Noutra perspetiva, os movimentos das extremidades predizem a atividade respiratória do TA e do diafragma, por mecanismos reflexos, assegurando uma pressão transdiafragmática protetora das vísceras, sendo o controlo da coluna secundário (Mal, 2016). Este dado sugere a importância da gestão das pressões nos órgãos internos. Daqui emerge a ideia de que a simbiose entre o TA e o diafragma decorre, associando a respiração ao movimento, como resposta às exigências das pressões na coluna e não à sua estabilização. Dir-se-ia que são controladores de pressões, ao contrário de outros músculos, prioritariamente vocacionados para controlar planos de movimento. Este papel poderá ser corroborado pela fáscia toraco-lombar, assistindo na manutenção da integridade da porção inferior lombar e da articulação sacro-ilíaca. (Willard, 2012).

Perante estes dados, existe pouca linearidade, no entendimento fisiológico da musculatura controladora dos movimentos da coluna e das pressões sobre ela exercidas. Será, por isso, necessário, aceitar a complexidade de variáveis fisiológicas e biomecânicas aqui envolvidas.

A inervação recíproca, associada a movimentos mais rápidos, inibe os motoneurónios antagonistas, facilitando a contração dos agonistas, embora não dê firmeza articular. (Baldo, 2010).

Outro mecanismo protetor, que não apenas a inervação recíproca, é a co-ativação alfa-gama, que facilita os motoneurónios alfa, que controlam as fibras tónicas, regulando a rigidez muscular destas, em sintonia com os recetores articulares e ligamentares (Ebenbichler, 2001).
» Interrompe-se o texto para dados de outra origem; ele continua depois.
(* Let $n,m,c$ be positive integers and $r,s,R,S$ nonnegative integers. Let $\alpha\in\mathrm{Par}(R,r)$, $\beta\in\mathrm{Par}(S,s)$, $\lambda\in\mathrm{Par}(n-R,c)$ and $\mu\in\mathrm{Par}(m-S,c)$. Define the annular $q$-Kreweras number \[ \mathrm{Kre}_q = q^{E}\, \frac{[nm]_q}{[n]_q[m]_q} \frac{[2c]_q}{2} \frac{[n-R]_q[m-S]_q}{[c]_q^2} \begin{bmatrix}n\\ r\end{bmatrix}_q\begin{bmatrix}m\\ s\end{bmatrix}_q \begin{bmatrix}r\\ \alpha\end{bmatrix}_q \begin{bmatrix}s\\ \beta\end{bmatrix}_q \begin{bmatrix}c\\ \lambda\end{bmatrix}_q \begin{bmatrix}c\\ \mu\end{bmatrix}_q, \] where \[ E=c(c-1)+r(c+r)+s(c+s)+r(n-c-R)+s(m-c-S)+r(R-r)+s(S-s)+c(n-R-c)+c(m-S-c)-\tau(\alpha)-\tau(\beta)-\tau(\lambda)-\tau(\mu). \] Then $\mathrm{Kre}_q$ is a polynomial in $q$.
   Context: $\mathrm{Par}(N,k)$ is the set of integer partitions of $N$ with $k$ parts. Write $\lambda=(1^{m_1},2^{m_2},\dots)$ if $\lambda$ has $m_i$ parts equal to $i$. For a partition $\lambda$ with conjugate $\lambda'$, $\tau(\lambda)=\sum_{i\ge1}\lambda'_i\lambda'_{i+1}$. The $q$-notation is $[N]_q=(1-q^N)/(1-q)$, $[N]_q!=[1]_q\cdots[N]_q$, $\begin{bmatrix}N\\k\end{bmatrix}_q=\frac{[N]_q!}{[k]_q![N-k]_q!}$, and, for $\lambda$ with $k$ parts, $\begin{bmatrix}k\\ \lambda\end{bmatrix}_q=\frac{[k]_q!}{[m_1]_q![m_2]_q!\cdots}$. ''Polynomial'' here means polynomial with (possibly non-integer) rational coefficients. *)

From HB Require Import structures.
From mathcomp Require Import all_boot all_order all_algebra fraction.
Set Implicit Arguments. Unset Strict Implicit. Unset Printing Implicit Defensive.
Import Order.TTheory GRing.Theory Num.Theory.

Definition is_part (l : seq nat) : bool :=
  sorted geq l && all (fun x => 0 < x) l.

Definition inPar (N k : nat) (l : seq nat) : bool :=
  [&& is_part l, sumn l == N & size l == k].

Definition mult (l : seq nat) (i : nat) : nat := count_mem i l.

(* conjugate partition: l'_i = #{ j : l_j >= i } (for i >= 1) *)
Definition conjp (l : seq nat) (i : nat) : nat := count (fun x => i <= x) l.

(* tau(l) = sum_{i >= 1} l'_i l'_{i+1}; the terms vanish for i > sumn l *)
Definition tau (l : seq nat) : nat :=
  \sum_(1 <= i < (sumn l).+1) conjp l i * conjp l i.+1.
No contexto abordado nesta reflexão, a co-ativação alfa-gama pode assegurar um bom funcionamento da coluna lombar, prevenindo dores, além de disfunções pélvicas e abdominais, interagindo com outros sistemas de proteção mecânica. Poderia também considerar-se a co-ativação alfa-gama, como um catalisador de recrutamento neuromuscular.

A diferença em relação à co-contração é notória, que se cinge à rigidez muscular protetora da coluna, perante cargas internas e externas, mediante músculos antagonistas (Ebenbichler, 2001). Perante esta descrição, sugere-se um papel regulador e não tão catalisador, como a co-ativação alfa-gama.

Sendo a co-ativação entre o TA e o SP eficaz para a melhoria da qualidade de vida, em situação de incontinência urinária de esforço (Ptak, 2017), deduz-se uma interação com a referida modulação de pressões, em movimento, por parte do TA e do diafragma, como vimos anteriormente. O facto da atividade muscular abdominal e do SP aumentarem de pé, é significativo (Chmielewska, 2015), apontando possíveis benefícios das mesmas, na proteção da coluna.

Desta forma, o controlo posicional da coluna é potencialmente indissociável da gestão das pressões internas, em sintonia com a transversalidade do funcionamento do core.